CODEWITHSUNDEEP
javacastingunboxing
inayzi
inayzi

Reputation: 609

java.lang.Integer cannot be cast to java.lang.Long

I'm supposed to receive long integer in my web service.

long ipInt = (long) obj.get("ipInt");

When I test my program and put ipInt value = 2886872928, it give me success. However, when I test my program and put ipInt value = 167844168, it give me error :

java.lang.ClassCastException: java.lang.Integer cannot be cast to java.lang.Long

The error is point to the above code.

FYI, my data is in JSON format :

{
    "uuID": "user001",
    "ipInt": 16744168,
    "latiTude": 0,
    "longiTude": 0,
}

Is there any suggestion so that I can ensure my code able to receive both ipInteger value?

Upvotes: 38

Views: 81402

Answers (6)

Mahdi Moqadasi
Mahdi Moqadasi

Reputation: 2479

in kotlin I simply use this:

val myInt: Int = 10
val myLong = myInt.toLong()

Upvotes: 2

user13838991
user13838991

Reputation: 41

Long.valueOf(jo.get("ipInt").toString());

Is ok.

Upvotes: 3

user13838991
user13838991

Reputation: 41

public static void main(String[] args) {
    JSONObject jo = JSON.parseObject(
        "{    \"uuID\": \"user001\",    \"ipInt\": 16744168,    \"latiTude\": 0,    \"longiTude\": 0}");
    System.out.println(jo);
    long sellerId1 =  Long.valueOf(jo.get("ipInt").toString());
    //Long sellerId1 = (long)jo.get("ipInt");
    System.out.println(sellerId1);
}

Upvotes: 0

Matthieu
Matthieu

Reputation: 3107

We don't know what obj.get() returns so it's hard to say precisely, but when I use such methods that return Number subclasses, I find it safer to cast it to Number and call the appropriate xxxValue(), rather than letting the auto-unboxing throw the ClassCastException:

long ipInt = ((Number)obj.get("ipInt")).longValue();

That way, you're doing explicit unboxing to a long, and are able to cope with data that could include a ., which would return a Float or Double instead.

Upvotes: 9

Elliott Frisch
Elliott Frisch

Reputation: 201497

You mention the current approach works when you provide a value outside the range of integer, but fails when you are within the integer range.
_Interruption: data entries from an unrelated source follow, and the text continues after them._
Section Labels.
Context {R : realType} {K m : nat}.
Implicit Types (y yt : 'I_m -> 'I_K) (c : 'I_K).

Lemma binlab_sign yt c : sign_vector (binlab R yt c).
Proof. by move=> i; rewrite /binlab; case: eqP; [left | right]. Qed.

Lemma binlab_onehot yt c i : binlab R yt c i = 2 * onehot R yt c i - 1.
Proof. by rewrite /binlab /onehot; case: eqP => _; ring. Qed.

Lemma onehot_decode (e : 'I_K -> 'I_m -> R) :
  (forall c i, is01 (e c i)) -> (forall i, \sum_c e c i = 1) ->
  exists yt, forall c i, e c i = onehot R yt c i.
Proof.
move=> e01 e_sum.
have hot i : exists c, e c i = 1.
  have /existsP[c /eqP e1] : [exists c, e c i == 1]; last by exists c.
  apply/negbNE/negP => /existsPn-none; have := e_sum i; rewrite big1 => [/esym/eqP|c _].
    by rewrite oner_eq0.
  by case: (e01 c i) => // e1; have := none c; rewrite e1 eqxx.
have [yt ytP] := fin_all_exists hot; exists yt => c i; rewrite /onehot.
case: eqP => [<-//|ne]; case: (e01 c i) => // e1.
have := e_sum i; rewrite (bigD1 (yt i)) //= (bigD1 c) /=; last by rewrite eq_sym; apply/eqP.
rewrite ytP e1; have : 0 <= \sum_(k | (k != yt i) && (k != c)) e k i.
  by apply: sumr_ge0 => k _; case: (e01 k i) => ->.
lra.
Qed.

Lemma onehot_mismatch_sum y yt :
  \sum_i (1 - \sum_c onehot R y c i * onehot R yt c i) = #|[pred i | yt i != y i]|%:R.
Proof.
transitivity (\sum_i (if yt i != y i then 1 else 0 : R)); last first.
  by rewrite -big_mkcond sumr_const.
apply: eq_bigr => i _; rewrite (bigD1 (y i)) //= big1 => [|c nc]; last first.
  by rewrite /onehot eq_sym (negbTE nc) mul0r.
by rewrite /onehot eqxx mul1r addr0; case: eqP; rewrite ?subrr ?subr0.
Qed.

Lemma admissibleE (eps : R) y yt :
  admissible eps y yt <->
  \sum_i (1 - \sum_c onehot R y c i * onehot R yt c i) <= (Num.floor (eps * m%:R))%:~R.
Proof. by rewrite onehot_mismatch_sum /admissible -(ler_int R) pmulrn. Qed.

Lemma admissible_refl (eps : R) y : 0 <= eps -> admissible eps y y.
Proof.
move=> eps_ge0; rewrite /admissible (eq_card0 (_ : [pred i | y i != y i] =i pred0)).
  by rewrite floor_ge0 mulr_ge0 ?ler0n.
by move=> i; rewrite !inE eqxx.
Qed.

Lemma admissible_arg_min (eps : R) y (F : ('I_m -> 'I_K) -> R) :
  0 <= eps -> exists2 y0, admissible eps y y0 & forall yt, admissible eps y yt -> F y0 <= F yt.
Proof.
move=> eps_ge0.
exact: (exists_arg_min_fun
  (P := fun yt => #|[pred i | yt i != y i]|%:Z <= Num.floor (eps * m%:R)) F
  (admissible_refl y eps_ge0)).
Qed.

End Labels.

Section Scores.
Variables (R : realType) (K m : nat) (C : R) (Q : 'M[R]_m) (Qt : 'rV[R]_m) (q : R).
Hypotheses (C_ge0 : 0 <= C) (Q_sym : forall i j, Q i j = Q j i) (Q_psd : psd Q)
  (B_psd : psd (block_mx (q%:M : 'M_1) Qt Qt^T Q)).
Implicit Types (yt : 'I_m -> 'I_K) (c chat : 'I_K).

Lemma opt_alphaP yt c : dual_opt C Q (binlab R yt c) (opt_alpha C Q yt c).
Proof. by apply: epsilon_spec; exact: dual_opt_exists. Qed.
(* Assume (A). If $c_1\ge c_1^F$, then $\inf_{t>t_0}\sup_{s\in(0,t)}\Upsilon(s,t)=L_{c_2}(t^F_{c_2})$.
   Context: $v:[0,\infty)\to[0,\infty)$ is continuous, $v(0)=0$, $\lim_{t\to\infty}v(t)/t^\alpha=0$ for some $\alpha<2$, and is the variance function of a centered Gaussian process $A$ on $\mathbb R$ with stationary increments, $A(0)=0$: $\mathrm{Var}(A(t)-A(s))=v(|t-s|)$; $\Gamma(s,t):=\tfrac12(v(|s|)+v(|t|)-v(|t-s|))$. Fix $b>0$, $c_1>c_2>0$, $t_0:=b/(c_1-c_2)$. For $0<s<t$, $\Sigma(s,t):=\begin{pmatrix}v(t)&\Gamma(s,t)\\ \Gamma(s,t)&v(s)\end{pmatrix}$ (assumed nonsingular), $\Lambda_{s,t}(y,z):=\frac12(y,z)\Sigma(t-s,t)^{-1}(y,z)^\top$, $k(s,t):=\frac{\Gamma(s,t)}{v(t)}(b+c_2t)$, $\Upsilon(s,t):=\Lambda_{s,t}(b+c_2t,b+c_2t-c_1s)$ if $k(s,t)>c_1s$ and $\Upsilon(s,t):=(b+c_2t)^2/(2v(t))$ otherwise. $L_c(t):=(b+ct)^2/(2v(t))$; $t^F_{c_2}$ denotes a minimizer of $L_{c_2}$ over $t>0$, and $c_1^F:=\sup_{s\in(0,t^F_{c_2})}k(s,t^F_{c_2})/s$. Assumption (A): $\sqrt v\in C^2([0,\infty))$, strictly increasing and strictly concave. *)

From Stdlib Require Import Reals Lra.
From Coquelicot Require Import Coquelicot.
Open Scope R_scope.

Definition Gam (v : R -> R) (s t : R) : R :=
  (v (Rabs s) + v (Rabs t) - v (Rabs (t - s))) / 2.

Definition psd_kernel (K : R -> R -> R) : Prop :=
  forall (n : nat) (tt a : nat -> R),
    0 <= sum_f_R0 (fun i => sum_f_R0 (fun j => a i * a j * K (tt i) (tt j)) n) n.

(** v is the variance function of a centered Gaussian process A on R with
    stationary increments and A(0)=0: such a process (necessarily with
    covariance Gam v) exists iff Gam v is a positive semidefinite kernel
    (Kolmogorov extension theorem). *)
Definition variance_function_of_gaussian_SI (v : R -> R) : Prop :=
  psd_kernel (Gam v).

Definition is_derive_nonneg (f : R -> R) (t l : R) : Prop :=
  filterlim (fun h => (f (t + h) - f t) / h)
    (within (fun h => h <> 0 /\ 0 <= t + h) (locally 0)) (locally l).

Definition continuous_nonneg (f : R -> R) (t : R) : Prop :=
  filterlim f (within (fun x => 0 <= x) (locally t)) (locally (f t)).

Definition C2_nonneg (f : R -> R) : Prop :=
  exists f1 f2 : R -> R,
    (forall t, 0 <= t -> is_derive_nonneg f t (f1 t)) /\
    (forall t, 0 <= t -> is_derive_nonneg f1 t (f2 t)) /\
    (forall t, 0 <= t -> continuous_nonneg f2 t).

Definition strictly_increasing_nonneg (f : R -> R) : Prop :=
  forall x y, 0 <= x -> x < y -> f x < f y.

Definition strictly_concave_nonneg (f : R -> R) : Prop :=
  forall x y l, 0 <= x -> 0 <= y -> x <> y -> 0 < l < 1 ->
    l * f x + (1 - l) * f y < f (l * x + (1 - l) * y).

Definition assumption_A (v : R -> R) : Prop :=
  C2_nonneg (fun t => sqrt (v t)) /\
  strictly_increasing_nonneg (fun t => sqrt (v t)) /\
  strictly_concave_nonneg (fun t => sqrt (v t)).

(** Sigma(s,t) = [[v t, Gam s t],[Gam s t, v s]]; its determinant. *)
Definition detSigma (v : R -> R) (s t : R) : R :=
  v t * v s - Gam v s t * Gam v s t.

(** Lambda_{s,t}(y,z) = 1/2 (y,z) Sigma(t-s,t)^{-1} (y,z)^T, with the 2x2
    inverse written out: Sigma^{-1} = 1/det [[v(t-s), -G],[-G, v t]],
    G = Gam (t-s) t. *)
Definition Lambda (v : R -> R) (s t y z : R) : R :=
  let G := Gam v (t - s) t in
  (v (t - s) * y * y - 2 * G * y * z + v t * z * z) / (2 * detSigma v (t - s) t).

Definition kfun (v : R -> R) (b c2 s t : R) : R :=
  Gam v s t / v t * (b + c2 * t).
Theorem lemma2 (R : realType) (V : finType) (e : rel V) (cs : seq {set V})
    (f g : (V -> R) -> R) (i j : V) (p : seq V) (a b : R) :
  gauge_of f g -> cont_nonneg_on_orthant g ->
  std_exp_margins g ->
  block_graph e cs -> block_GEGM cs g ->
  i != j -> shortest_path e i j p ->
  0 <= a -> 0 <= b ->
  (forall y : V -> R, orthant y -> y i = a -> y j = b ->
      marg g [set i; j] y <= chain_obj g i p y) /\
  (exists y : V -> R, [/\ orthant y, y i = a, y j = b &
      chain_obj g i p y = marg g [set i; j] y]).
Proof.
move=> _ g_cont g_margins e_block g_block ij p_shortest a0 b0.
have chain_ge := chain_obj_ge_marg g_cont g_margins e_block g_block ij p_shortest.
split; first by move=> y oy _ _; exact: chain_ge.
pose x v := if v == i then a else b.
have ox : orthant x by move=> v; rewrite /x; case: ifP.
have [y [oy xy gy]] := marg_attained g_cont g_margins [set i; j] ox.
exists y; split => //.
- by rewrite xy ?in_set2 ?eqxx // /x eqxx.
- by rewrite xy ?in_set2 ?eqxx ?orbT // /x eq_sym (negbTE ij).
apply/eqP; rewrite eq_le chain_ge // andbT.
rewrite (chain_obj_marg_path g_cont g_margins e_block g_block ij p_shortest oy).
by rewrite -(eq_marg g xy) -gy; apply: (marg_le g_cont).
Qed.
(* Let $|\text{-}|:\mathcal E\to\mathcal B$ be a concrete category which is fibred over $\mathcal B$. If the $\mathcal Q_{\mathcal B}$-category $\overline{\mathcal E}$ is order-complete, then $\overline{\mathcal E}$ is conically cocomplete.
   Context: $\mathcal B$ has small hom-sets; $|\text{-}|$ is faithful; a map $f:|X|\to|Y|$ is an $\mathcal E$-morphism if it equals $|f'|$ for some $f':X\to Y$; $\overline{\mathcal E}(X,Y)$ is the set of these. $\mathcal E$ is fibred if for every $Z\in\mathrm{ob}\,\mathcal E$ and map $g:T\to|Z|$ there is an object $\widetilde Y$ with $|\widetilde Y|=T$ (initial lifting) such that a map $h:|W|\to T$ is an $\mathcal E$-morphism $W\to\widetilde Y$ iff $g\circ h$ is an $\mathcal E$-morphism $W\to Z$. The fibre $\mathcal E_T$ is the class of $Y$ with $|Y|=T$ preordered by $Y\le Y'$ iff $1_T\in\overline{\mathcal E}(Y,Y')$; $\overline{\mathcal E}$ is order-complete if each fibre admits joins of all (possibly large) subfamilies. For $\mathbf f\subseteq\mathcal B(S,T)$, $\mathbf h\subseteq\mathcal B(S,U)$ put $\mathbf h\swarrow\mathbf f=\{g\mid\forall f\in\mathbf f:g\circ f\in\mathbf h\}$. A presheaf of extent $T$ is a family $\varphi_X\subseteq\mathcal B(|X|,T)$ with $\varphi_X\circ\overline{\mathcal E}(X',X)\subseteq\varphi_{X'}$; a supremum is $Y$ with $|Y|=T$ and $\overline{\mathcal E}(Y,Z)=\bigcap_X\overline{\mathcal E}(X,Z)\swarrow\varphi_X$ for all $Z$. $\overline{\mathcal E}$ is conically cocomplete if for every $T$ and every family $(Y_i)_{i\in I}$ in $\mathcal E_T$ the presheaf $X\mapsto\bigcup_i\overline{\mathcal E}(X,Y_i)$ has a supremum. *)

From Stdlib Require Import Logic.EqdepFacts.

Set Implicit Arguments.

Record Cat := {
  Ob : Type;
  Hom : Ob -> Ob -> Type;
  idm : forall a, Hom a a;
  comp : forall a b c, Hom b c -> Hom a b -> Hom a c;
  comp_id_l : forall a b (f : Hom a b), comp (idm b) f = f;
  comp_id_r : forall a b (f : Hom a b), comp f (idm a) = f;
  comp_assoc : forall a b c d (h : Hom c d) (g : Hom b c) (f : Hom a b),
      comp h (comp g f) = comp (comp h g) f
}.

Arguments idm {c0} a : rename.
Arguments comp {c0 a b c} _ _ : rename.

Record Concrete (E B : Cat) := {
  fob : Ob E -> Ob B;
  fhom : forall X Y, Hom E X Y -> Hom B (fob X) (fob Y);
  fhom_id : forall X, fhom X X (idm X) = idm (fob X);
  fhom_comp : forall X Y Z (g : Hom E Y Z) (f : Hom E X Y),
      fhom X Z (comp g f) = comp (fhom Y Z g) (fhom X Y f);
  faithful : forall X Y (f g : Hom E X Y), fhom X Y f = fhom X Y g -> f = g
}.

Arguments fob {E B} c _.
Arguments fhom {E B} c {X Y} _.

Section Defs.
Context {E B : Cat} (U : Concrete E B).

Definition Ebar (X Y : Ob E) (f : Hom B (fob U X) (fob U Y)) : Prop :=
  exists f' : Hom E X Y, fhom U f' = f.

Definition Fibre (T : Ob B) := { Y : Ob E & fob U Y = T }.

(** Ebar(X, Y) for Y in the fibre over T, viewed on maps |X| -> T. *)
Definition EbarL (X : Ob E) {T : Ob B} (Y : Fibre T) (f : Hom B (fob U X) T) : Prop :=
  Ebar X (projT1 Y) (eq_rect_r (fun t => Hom B (fob U X) t) f (projT2 Y)).

(** Ebar(Y, Z) for Y in the fibre over T, viewed on maps T -> |Z|. *)
Definition EbarR {T : Ob B} (Y : Fibre T) (Z : Ob E) (g : Hom B T (fob U Z)) : Prop :=
  Ebar (projT1 Y) Z (eq_rect_r (fun t => Hom B t (fob U Z)) g (projT2 Y)).

(** Fibre preorder: Y <= Y' iff 1_T is in Ebar(Y, Y'). *)
Definition fibre_le {T : Ob B} (Y Y' : Fibre T) : Prop :=
  Ebar (projT1 Y) (projT1 Y')
    (eq_rect_r (fun t => Hom B t (fob U (projT1 Y')))
       (eq_rect_r (fun t => Hom B T t) (idm T) (projT2 Y')) (projT2 Y)).

(** E is fibred: initial liftings of maps g : T -> |Z|. *)
Definition fibred : Prop :=
  forall (Z : Ob E) (T : Ob B) (g : Hom B T (fob U Z)),
    exists Yt : Fibre T,
      forall (W : Ob E) (h : Hom B (fob U W) T),
        EbarL W Yt h <-> Ebar W Z (comp g h).

Definition is_join {T : Ob B} (P : Fibre T -> Prop) (J : Fibre T) : Prop :=
  forall Y' : Fibre T, fibre_le J Y' <-> (forall Y, P Y -> fibre_le Y Y').

Definition order_complete : Prop :=
  forall (T : Ob B) (P : Fibre T -> Prop), exists J : Fibre T, is_join P J.

Definition is_presheaf (T : Ob B) (phi : forall X : Ob E, Hom B (fob U X) T -> Prop) : Prop :=
  forall (X X' : Ob E) (f : Hom B (fob U X) T) (g : Hom B (fob U X') (fob U X)),
    phi X f -> Ebar X' X g -> phi X' (comp f g).

(** Y is a supremum of phi:
    Ebar(Y,Z) = \bigcap_X (Ebar(X,Z) ↙ phi_X) for all Z. *)
Definition is_supremum (T : Ob B) (phi : forall X : Ob E, Hom B (fob U X) T -> Prop)
  (Y : Fibre T) : Prop :=
  forall (Z : Ob E) (g : Hom B T (fob U Z)),
    EbarR Y Z g <->
    (forall (X : Ob E) (f : Hom B (fob U X) T), phi X f -> Ebar X Z (comp g f)).

Definition conically_cocomplete : Prop :=
  forall (T : Ob B) (I : Type) (Yf : I -> Fibre T),
    exists Y : Fibre T,
      is_supremum (fun X f => exists i, EbarL X (Yf i) f) Y.

End Defs.

(* An initial lifting [Yt] of [g : T -> |Z|] represents the predicate [EbarR _ Z g]
   on the fibre over [T]: [Y <= Yt] iff [g] underlies an E-morphism [Y -> Z].  Hence a
   join [J] of the [Y_i] in the fibre satisfies [EbarR J Z g] iff [EbarR (Y_i) Z g]
   for all [i], and by a Yoneda argument the latter says exactly that [g] lies in
   the right extension of the [Ebar(-, Z)] along the conical presheaf. *)

From Stdlib Require Import Setoid.

Section FibreCalculus.
Context {E B : Cat} (U : Concrete E B).

Definition fibre_id {T : Ob B} (Y : Fibre U T) : Hom B (fob U (projT1 Y)) T :=
  eq_rect_r (fun t => Hom B t T) (idm T) (projT2 Y).

Lemma EbarR_fibre_id {T : Ob B} (Y : Fibre U T) (Z : Ob E) (g : Hom B T (fob U Z)) :
  EbarR Y Z g <-> Ebar U (projT1 Y) Z (comp g (fibre_id Y)).
Proof.
  destruct Y as [Y e]; subst T; unfold EbarR, fibre_id; simpl.
  rewrite comp_id_r; tauto.
Qed.

Lemma EbarL_fibre_id {T : Ob B} (Y : Fibre U T) : EbarL (projT1 Y) Y (fibre_id Y).
Proof.
  destruct Y as [Y e]; subst T; unfold EbarL, fibre_id; simpl.
  exists (idm Y); apply fhom_id.
Qed.

Lemma Ebar_comp (X Y Z : Ob E) (f : Hom B (fob U X) (fob U Y))
    (g : Hom B (fob U Y) (fob U Z)) :
  Ebar U X Y f -> Ebar U Y Z g -> Ebar U X Z (comp g f).
Proof.
  intros [f' <-] [g' <-]. exists (comp g' f'). apply fhom_comp.
Qed.

Lemma EbarLR_comp {T : Ob B} {X : Ob E} {Y : Fibre U T} {Z : Ob E}
    {f : Hom B (fob U X) T} {g : Hom B T (fob U Z)} :
  EbarL X Y f -> EbarR Y Z g -> Ebar U X Z (comp g f).
Proof.
  destruct Y as [Y e]; subst T; apply Ebar_comp.
Qed.

Lemma fibre_le_initial_lift {T : Ob B} (Z : Ob E) (g : Hom B T (fob U Z))
    (Yt : Fibre U T) :
  (forall W h, EbarL W Yt h <-> Ebar U W Z (comp g h)) ->
  forall Y, fibre_le Y Yt <-> EbarR Y Z g.
Proof.
  intros Hlift Y; rewrite EbarR_fibre_id, <- Hlift.
  destruct Y as [Y e]; subst T; unfold EbarL, fibre_le, fibre_id; simpl; tauto.
Qed.

Lemma EbarR_join {T : Ob B} {P : Fibre U T -> Prop} {J : Fibre U T} :
  fibred U -> is_join P J ->
  forall Z g, EbarR J Z g <-> (forall Y, P Y -> EbarR Y Z g).
Proof.
  intros Hfib HJ Z g.
  destruct (Hfib Z T g) as [Yt Hlift].
  rewrite <- (fibre_le_initial_lift Z g Yt Hlift), (HJ Yt).
  split; intros H Y PY; apply (fibre_le_initial_lift Z g Yt Hlift); auto.
Qed.

Lemma forall_EbarR_conical {T : Ob B} {I : Type} (Yf : I -> Fibre U T)
    (Z : Ob E) (g : Hom B T (fob U Z)) :
  (forall i, EbarR (Yf i) Z g) <->
  (forall X f, (exists i, EbarL X (Yf i) f) -> Ebar U X Z (comp g f)).
Proof.
  split.
  - intros H X f [i Hf]; exact (EbarLR_comp Hf (H i)).
  - intros H i; apply EbarR_fibre_id, H.
    exists i; apply EbarL_fibre_id.
Qed.

End FibreCalculus.

Theorem proposition4p10 (E B : Cat) (U : Concrete E B) :
  fibred U -> order_complete U -> conically_cocomplete U.
Proof.
  intros Hfib Hoc T I Yf.
  destruct (Hoc T (fun Y => exists i, Y = Yf i)) as [J HJ].
  exists J; intros Z g.
  rewrite (EbarR_join U Hfib HJ), <- forall_EbarR_conical.
  split.
  - intros H i; apply H; eauto.
  - intros H Y [i ->]; apply H.
Qed.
That is an odd behavior for an API, because it seems you need to check the return type yourself. You can do that. The usual way is with instanceof. Something like,

long ipInt;
Object o = obj.get("ipInt");
if (o instanceof Integer) {
    ipInt = ((Integer) o).intValue();
} else if (o instanceof Long) {
    ipInt = ((Long) o).longValue();
}

Upvotes: 0

Jon Skeet
Jon Skeet

Reputation: 1502376

Both Integer and Long are subclasses of Number, so I suspect you can use:

long ipInt = ((Number) obj.get("ipInt")).longValue();

That should work whether the value returned by obj.get("ipInt") is an Integer reference or a Long reference. It has the downside that it will also silently continue if ipInt has been specified as a floating point number (e.g. "ipInt": 1.5) in the JSON, where you might want to throw an exception instead.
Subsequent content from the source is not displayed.